Collected data:
------------------------------------------------------------------------

Theorem corollary7p2 :
  (forall (k : nat), (2 <= k)%N -> forall i : nat, (P k)`_i \is a Num.int) /\
  (forall (l : nat), prime l -> (3 < l)%N ->
     forall i : nat, exists z : int,
       (P (l.+1 %/ 2) - (l.+1 %/ 2)%:R *: (1 + (1 - 24%:R *: 'X) ^+ (l.-1 %/ 2)))`_i
         = l%:R * z%:~R).
Proof.
split=> [k le2k i | l l_prime lt3l j].
  rewrite P_lucas -(prednK (_ : 0 < k.*2)%N) ?double_gt0 1?ltnW // coef_lucas.
  by rewrite rpredM ?rpredX ?rpredN ?natr_int.
have [m def_l] : exists m, l = m.*2.+1.
  case: (even_prime l_prime) => [l2 | odd_l]; first by rewrite l2 in lt3l.
  by exists l./2; rewrite -[LHS]odd_double_half odd_l.
subst l; rewrite -[m.*2.+2]/(m.+1).*2 -[m.*2.+1.-1]/m.*2 -!muln2 !mulnK // !muln2.
rewrite P_lucas coefB coef_lucas coefZ coefD coef1 -scaleNr coef_exp_1DZX.
have /dvdzP [z gap_z] := dvdz_coef_gap j l_prime.
exists z; rewrite -(mulr_natr _ 'C(m, j)) -[LHS]/(coef_gap m j).
by rewrite -(rmorph_coef_gap intr) gap_z rmorphM /= mulrC.
Qed.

------------------------------------------------------------------------

# TASK DESCRIPTION
Lines above with "exists" in them are the ones to copy.

# ANSWER SPACE
     forall i : nat, exists z : int,
have [m def_l] : exists m, l = m.*2.+1.
  by exists l./2; rewrite -[LHS]odd_double_half odd_l.
exists z; rewrite -(mulr_natr _ 'C(m, j)) -[LHS]/(coef_gap m j).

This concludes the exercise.